- Container Analysis is a service that provides vulnerability scanning and metadata storage for software artifacts.
- The service performs vulnerability scans on built software artifacts, such as the images in Container Registry, then stores the resulting metadata and makes it available for consumption through an API.
- The metadata may come from several sources, including vulnerability scanning, other Cloud services, and third-party providers.
- Container Analysis performs vulnerability scans on images in Container Registry and monitors the vulnerability information to keep it up to date. This process comprises two main tasks:
- With incremental scanning, Container Analysis scans new images when they're uploaded to Container Registry.
- The scan gathers metadata based on the container manifest and updates this metadata every time the image is re-uploaded (re-pushed).

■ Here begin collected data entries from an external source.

Lemma spp_io_of_mpp_move s m s' :
  mpp_apply e s m = Some s' -> spp_io (spp_of_mpp_move s m) <= k * mpp_is_io m.
Proof.
case: s => R B; case: m => [ps|ps|ps|j v|v] /=.
1,2: case: ifP => // /andP [/size_uniq_procs le_k _] _.
1,2: by rewrite /spp_io count_map muln1 (leq_trans (count_size _ _)) ?size_map.
- by rewrite /spp_io count_map muln0 (@eq_count _ _ pred0) ?count_pred0.
- by move=> _; case: ifP.
- by [].
Qed.

Lemma spp_run_of_mpp_move r s m s' :
  mpp_apply e s m = Some s' -> mpp_valid r s' ->
  spp_run e (k * r) (spp_view s) (spp_of_mpp_move s m) = Some (spp_view s').
Proof.
case: s => R B; rewrite /spp_view; case: m => [ps|ps|ps|j v|v] /=.
- case: ifP => // /andP [_ /allP inR] [<-] /forallP /card_red_union card_r /=.
  apply: spp_run_stores card_r => _ /mapP [p pps ->].
  by apply/bigcupP; exists p.1; rewrite // inR.
- case: ifP => // /andP [_ /allP inB] [<-] /forallP /card_red_union card_r /=.
  rewrite spp_run_adds -?red_union_add_reds // => _ R' /mapP [p pps ->] _ /=.
  by rewrite inB.
- case: ifP => // /andP [_ /allP nbrs] [<-] /forallP /card_red_union card_r /=.
  rewrite spp_run_adds -?red_union_add_reds // => _ R' /mapP [p pps ->] sub_R /=.
  rewrite (in_nbrs_in_subset _ (nbrs p pps)) //.
  by apply: subset_trans sub_R; exact: bigcup_sup.
- case: ifP => // vRj [<-] /forallP /card_red_union card_r /=.
  case: ifP => [/existsP [i /andP [neq_ij vRi]]|/negbT only_j] /=.
    by rewrite (red_union_remove_shared neq_ij vRi).
  have vR : v \in red_union R by apply/bigcupP; exists j.
  by rewrite vR -(red_union_remove_last only_j) card_r.
- by case: ifP => // vB [<-] /forallP /card_red_union card_r /=; rewrite card_r.
Qed.

Lemma spp_run_of_mpp_run r s ms t :
  mpp_run e r s ms = Some t ->
  spp_run e (k * r) (spp_view s) (spp_of_mpp_run s ms) = Some (spp_view t) /\
  spp_io (spp_of_mpp_run s ms) <= k * count mpp_is_io ms.
Proof.
elim: ms s => [|m ms IH] s /=; first by case=> <-.
case step: (mpp_apply e s m) => [s'|] //; case: ifP => // valid /IH [run io].
rewrite spp_run_cat (spp_run_of_mpp_move step valid) /= run.
by rewrite /spp_io count_cat mulnDr leq_add ?(spp_io_of_mpp_move step).
Qed.

Lemma red_union_init : red_union (mpp_init V k).1 = set0.
Proof. by apply/setP => x; rewrite inE; apply/bigcupP => -[j _]; rewrite ffunE inE. Qed.

Lemma mpp_terminal_sink t v :
  mpp_terminal e t -> is_sink e v -> v \in red_union t.1 :|: t.2.
Proof.
move=> /forallP/(_ v)/implyP term /term /orP [vB|/existsP [j vRj]].
  by rewrite inE vB orbT.
by rewrite inE; apply/orP; left; apply/bigcupP; exists j.
Qed.

Lemma spp_terminal_view t : mpp_terminal e t -> spp_terminal e (spp_view t).
Proof. by move=> term; apply/forallP => v; apply/implyP; exact: mpp_terminal_sink. Qed.

Lemma spp_strategy_of_mpp r ms :
  mpp_strategy e r ms ->
  spp_strategy e (k * r) (spp_of_mpp_run (mpp_init V k) ms) /\
  spp_io (spp_of_mpp_run (mpp_init V k) ms) <= k * count mpp_is_io ms.
Proof.
rewrite /mpp_strategy /spp_strategy; case run: mpp_run => [t|] // term.
have [+ io] := spp_run_of_mpp_run run.
by rewrite /spp_view red_union_init /= => ->; split=> //; exact: spp_terminal_view.
Qed.
(* Let $c=(c_k)_{k\ge1}$ be a sequence of complex numbers. Then $$\|T_c\|\le \sup_{k\ge1}|c_k|+2\sup_{k\ge2}k|c_k-c_{k-1}|,$$ and $$\|T_c\|\ge \sup_{k\ge1}\bigl\{|c_k|^2+(k-1)|c_k-c_{k-1}|^2\bigr\}^{1/2}.$$
   Context: For a complex sequence $c=(c_k)_{k\ge1}$, $T_c$ is the infinite matrix indexed by $j,k\ge1$ with entries $(T_c)_{jk}=c_k$ if $j=k$, $(T_c)_{jk}=c_k-c_{k-1}$ if $j<k$, and $(T_c)_{jk}=0$ if $j>k$. $\|T_c\|$ denotes its operator norm on $\ell^2$ if it acts boundedly, and $\|T_c\|=\infty$ otherwise. *)

From Stdlib Require Import Reals Arith.
From Coquelicot Require Import Coquelicot.
Open Scope R_scope.

(* A complex sequence c = (c_k)_{k>=1} is modelled as c : nat -> C; the value
   c 0 is never used (it only appears multiplied by 0 in the lower bound). *)

(* Entries of T_c, indices j,k >= 1. *)
Definition Tentry (c : nat -> C) (j k : nat) : C :=
  if Nat.eqb j k then c k
  else if Nat.ltb j k then Cminus (c k) (c (k - 1)%nat)
  else RtoC 0.

Definition l2n (n : nat) (x : nat -> C) : R :=
  sqrt (sum_n_m (fun j => (Cmod (x j)) ^ 2) 1 n).

Definition Tapply (c : nat -> C) (n : nat) (x : nat -> C) (j : nat) : C :=
  sum_n_m (fun k => Cmult (Tentry c j k) (x k)) 1 n.

(* Operator norm of T_c on l^2, in [0, +oo]: supremum of ||T_c x|| over finitely
   supported x with ||x|| <= 1.  Since T_c is upper triangular, T_c x is
   supported on 1..n when x is.  Equals +oo iff T_c does not act boundedly. *)
Definition opnorm (c : nat -> C) : Rbar :=
  Lub_Rbar (fun r => exists (n : nat) (x : nat -> C),
                l2n n x <= 1 /\ r = l2n n (Tapply c n x)).

Definition sup_abs (c : nat -> C) : Rbar :=
  Lub_Rbar (fun r => exists k : nat, (1 <= k)%nat /\ r = Cmod (c k)).

Definition sup_kdiff (c : nat -> C) : Rbar :=
  Lub_Rbar (fun r => exists k : nat, (2 <= k)%nat /\
               r = INR k * Cmod (Cminus (c k) (c (k - 1)%nat))).

Definition lower_sup (c : nat -> C) : Rbar :=
  Lub_Rbar (fun r => exists k : nat, (1 <= k)%nat /\
               r = sqrt ((Cmod (c k)) ^ 2 +
                         INR (k - 1) * (Cmod (Cminus (c k) (c (k - 1)%nat))) ^ 2)).

From Stdlib Require Import Reals Arith Lia Lra Psatz.
From Coquelicot Require Import Coquelicot.
Open Scope R_scope.

(* Put A = sup_k |c_k| and M = sup_{k>=2} k |c_k - c_{k-1}|.  For a
   vector x supported on 1..n, the triangle inequality bounds the j-th entry of
   T_c x by  A |x_j| + (H* a)_j,  where a_k = M |x_k| and  (H* a)_j = sum_{k>=j} a_k/k
   is the dual Hardy operator.  The discrete Hardy inequality ||H* a|| <= 2 ||a||
   (proved by a telescoping estimate and Cauchy-Schwarz) and Minkowski's
   inequality then give ||T_c x|| <= (A + 2M) ||x||.

   Lower bound.  The k-th unit vector e_k is mapped to the k-th column of T_c,
   whose squared norm is |c_k|^2 + (k-1)|c_k - c_{k-1}|^2. *)

Lemma sum_plusR (f g : nat -> R) n m :
  sum_n_m (fun k => f k + g k) n m = sum_n_m f n m + sum_n_m g n m.
Proof. exact (sum_n_m_plus (G:=R_AbelianMonoid) f g n m). Qed.

Lemma sum_scalR (r : R) (f : nat -> R) n m :
  sum_n_m (fun k => r * f k) n m = r * sum_n_m f n m.
Proof. exact (sum_n_m_mult_l (K:=R_Ring) r f n m). Qed.

Lemma sum_le_loc (f g : nat -> R) n m :
  (forall k, (n <= k <= m)%nat -> f k <= g k) -> sum_n_m f n m <= sum_n_m g n m.
Proof.
  induction m as [|m IH]; intros H.
  - destruct n.
    + rewrite !sum_n_n. apply H; lia.
    + rewrite !sum_n_m_zero; [apply Rle_refl | lia | lia].
  - destruct (le_lt_dec n (S m)) as [h|h].
    + rewrite !sum_n_Sm by lia. apply Rplus_le_compat.
      * apply IH; intros; apply H; lia.
      * apply H; lia.
    + rewrite !sum_n_m_zero; [apply Rle_refl | lia | lia].
Qed.

Lemma sum_ge0 (f : nat -> R) n m :
  (forall k, (n <= k <= m)%nat -> 0 <= f k) -> 0 <= sum_n_m f n m.
Proof.
  intros H. replace 0 with (sum_n_m (fun _ => 0) n m)
    by exact (sum_n_m_const_zero (G:=R_AbelianMonoid) n m).
  apply sum_le_loc; auto.
Qed.

Lemma sum_delta {G : AbelianMonoid} (v : G) j n m :
  (n <= j <= m)%nat ->
  sum_n_m (fun k => if Nat.eqb j k then v else zero) n m = v.
Proof.
  induction m as [|m IH]; intros H.
  - assert (j = 0 /\ n = 0)%nat as [-> ->] by lia. now rewrite sum_n_n.
  - rewrite sum_n_Sm by lia.
    destruct (Nat.eqb_spec j (S m)) as [->|hne].
    + rewrite (sum_n_m_ext_loc _ (fun _ => zero)).
      * rewrite sum_n_m_const_zero. apply plus_zero_l.
      * intros k hk. destruct (Nat.eqb_spec (S m) k); [lia | auto].
    + rewrite IH by lia. apply plus_zero_r.
Qed.
(* Let $A$ be the semi-local highest-score matrix of strings $x$ and $y$, and let $w,r$ be positive integers. A single critical point of the $(w,r)$-restricted highest-score matrix $A^{w,r}$ can be represented using $O(\log(w/r))$ bits, in such a way that all defined entries of $A^{w,r}$ can still be recovered from the stored representation of the critical points.
   Context: Notation: $[i:j] = \{i, \ldots, j\}$ and $\langle i:j\rangle = \{i+\tfrac12, \ldots, j-\tfrac12\}$. The alignment dag of $x = x_1\ldots x_m$ and $y = y_1\ldots y_n$ has vertices $v_{k,l}$, $k\in[0:m]$, $l\in[0:n]$, horizontal and vertical edges of score $0$, and diagonal edges $v_{k-1,l-1}\to v_{k,l}$ of score $1$ present exactly when $x_k=y_l$. The (semi-local) highest-score matrix $A$ has entry $A(i,j)$ equal to the maximum path score from the top boundary at column $i$ to the bottom boundary at column $j$ (the LLCS of $x$ and the corresponding substring of $y$), in Tiskin's semi-local framework. A critical point of $A$ is a pair of odd half-integers $(\hat{\imath},\hat{\jmath})$ with $A(\hat{\imath}+\tfrac12,\hat{\jmath}-\tfrac12)+1 = A(\hat{\imath}-\tfrac12,\hat{\jmath}-\tfrac12) = A(\hat{\imath}+\tfrac12,\hat{\jmath}+\tfrac12) = A(\hat{\imath}-\tfrac12,\hat{\jmath}+\tfrac12)$; its span is $\hat{\jmath}-\hat{\imath}$. Known fact (Tiskin): the critical points form a permutation matrix $D_A$ and $A(i,j) = j-i-\#\{(\hat{\imath},\hat{\jmath}) \text{ critical}: \hat{\imath}>i,\ \hat{\jmath}<j\}$. The $(w,r)$-restricted highest-score matrix is $A^{w,r}(i,j) = A(i,j)$ if $j-i\le w$ and $i \bmod r = j \bmod r = 0$, undefined otherwise; its critical points are those of $A$ relevant to these entries (i.e. with span less than $w$). *)

From mathcomp Require Import all_boot all_order all_algebra.
Set Implicit Arguments. Unset Strict Implicit. Unset Printing Implicit Defensive.
Import Order.TTheory GRing.Theory Num.Theory.
Local Open Scope ring_scope.
(* For all integers $2\le k\le n$, \[ \mathbb{P}_n(W_k\cap W_{k-1})=\frac{k}{n}-\frac{3}{2n}+\frac{(n-k+1)^2}{4n(n-1)}, \] i.e. this is the probability that both the $(k-1)$-th and $k$-th boundary steps of a uniformly random type-B permutation tableau of size $n$ are west steps.
   Context: A Ferrers diagram is a left-justified array of cells whose row lengths weakly decrease from top to bottom (rows of length $0$ are allowed). Its half-perimeter is the number of rows plus the number of columns. Its southeast boundary, traversed from the northeast corner to the southwest corner, consists of $n$ unit steps, each south or west; south steps correspond to rows and west steps to columns. We write $S_k$ (resp. $W_k$) for the event that the $k$-th step is south (resp. west). If the diagram has $c$ columns, the shifted Ferrers diagram is obtained by inserting $c$ new left-justified rows above it, of lengths $c,c-1,\dots,1$ from top to bottom; the rightmost cell of each inserted row is a diagonal cell. A type-B permutation tableau of size $n$ is a filling of a shifted Ferrers diagram of half-perimeter $n$ with $0$'s and $1$'s such that: (1) every column contains at least one $1$; (2) no $0$ has both a $1$ above it in its column and a $1$ to its left in its row; (3) if a diagonal cell contains $0$ then every cell of its row contains $0$. The boundary steps of the shifted diagram are those of the underlying Ferrers diagram. Let $\mathcal{B}_n$ be the set of such tableaux and $\mathbb{P}_n$ the uniform probability measure on $\mathcal{B}_n$. *)

From mathcomp Require Import all_boot all_order all_algebra.
Set Implicit Arguments.
Unset Strict Implicit.
Unset Printing Implicit Defensive.
Import GRing.Theory Num.Theory.

(* Boundary word: w : seq bool, read from the NE corner to the SW corner;
   step i (0-based) is SOUTH iff  nth false w i = true, WEST iff false. *)

Definition ncols (w : seq bool) : nat := count negb w.

(* 0-based positions of the south steps (= rows of the Ferrers diagram,
   top to bottom) *)
Definition southpos (w : seq bool) : seq nat :=
  [seq i <- iota 0 (size w) | nth false w i].

(* Rows of the shifted diagram, indexed top to bottom by r = 0,1,...
   rows r < c (c = ncols w) are the inserted staircase rows; the row
   r = c + s is the s-th row of the underlying Ferrers diagram, whose
   length is the number of west steps after the corresponding south step.
   Staircase row r has length r+1 and its rightmost cell (column r) is its
   diagonal cell. Columns are 0-based from the left. *)
Definition rowlen (w : seq bool) (r : nat) : nat :=
  let c := ncols w in
  if r < c then r.+1
  else if r - c < size (southpos w)
       then count negb (drop (nth 0 (southpos w) (r - c)).+1 w)
       else 0.

Definition inD (w : seq bool) (r j : nat) : bool := j < rowlen w r.

Definition isdiag (w : seq bool) (r j : nat) : bool := (r < ncols w) && (j == r).

(* A candidate tableau of size n: boundary word (n steps) and a 0/1 filling
   of 'I_n * 'I_n (true = 1); the shifted diagram has n rows and at most
   n columns, so it fits in 'I_n * 'I_n. *)
Definition cand (n : nat) := (n.-tuple bool * {ffun 'I_n * 'I_n -> bool})%type.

- With continuous analysis, Container Analysis continuously monitors the metadata of scanned images in Container Registry for new vulnerabilities.
- As Container Analysis receives new and updated vulnerability information from vulnerability sources, it re-analyzes the containers to keep the list of vulnerability occurrences for already scanned images up-to-date.
- It creates new occurrences for new notes, and deletes occurrences that are no longer valid.
- This type of analysis pertains only to package vulnerabilities and does not include other kinds of metadata.
- Container Analysis performs continuous analysis only for images that have been pulled in the last 30 days.
- When the scan of an image is completed, the produced vulnerability result is the collection of vulnerability occurrences for that image.
- The severity levels are qualitative labels that reflect factors such as exploitability, scope, impact, and maturity of the vulnerability.
- If a vulnerability enables a remote user to easily access a system and run arbitrary code without authentication or user interaction, that vulnerability would be classified as Critical.
- Effective severity is the severity level assigned by the Linux distribution.
- If distribution-specific severity levels are unavailable, Container Analysis uses the severity level assigned by the note provider.
- CVSS score is the Common Vulnerability Scoring System score and associated severity level.
- For a given vulnerability, the severity derived from a calculated CVSS score might not match the effective severity.
- Linux distributions that assign severity levels use their own criteria to assess the specific impacts of a vulnerability on their distributions.
- A high-level piece of metadata, such as a vulnerability or build information, is called a note.
- When Container Analysis analyzes an image, each instance of a note that it finds is identified as an occurrence.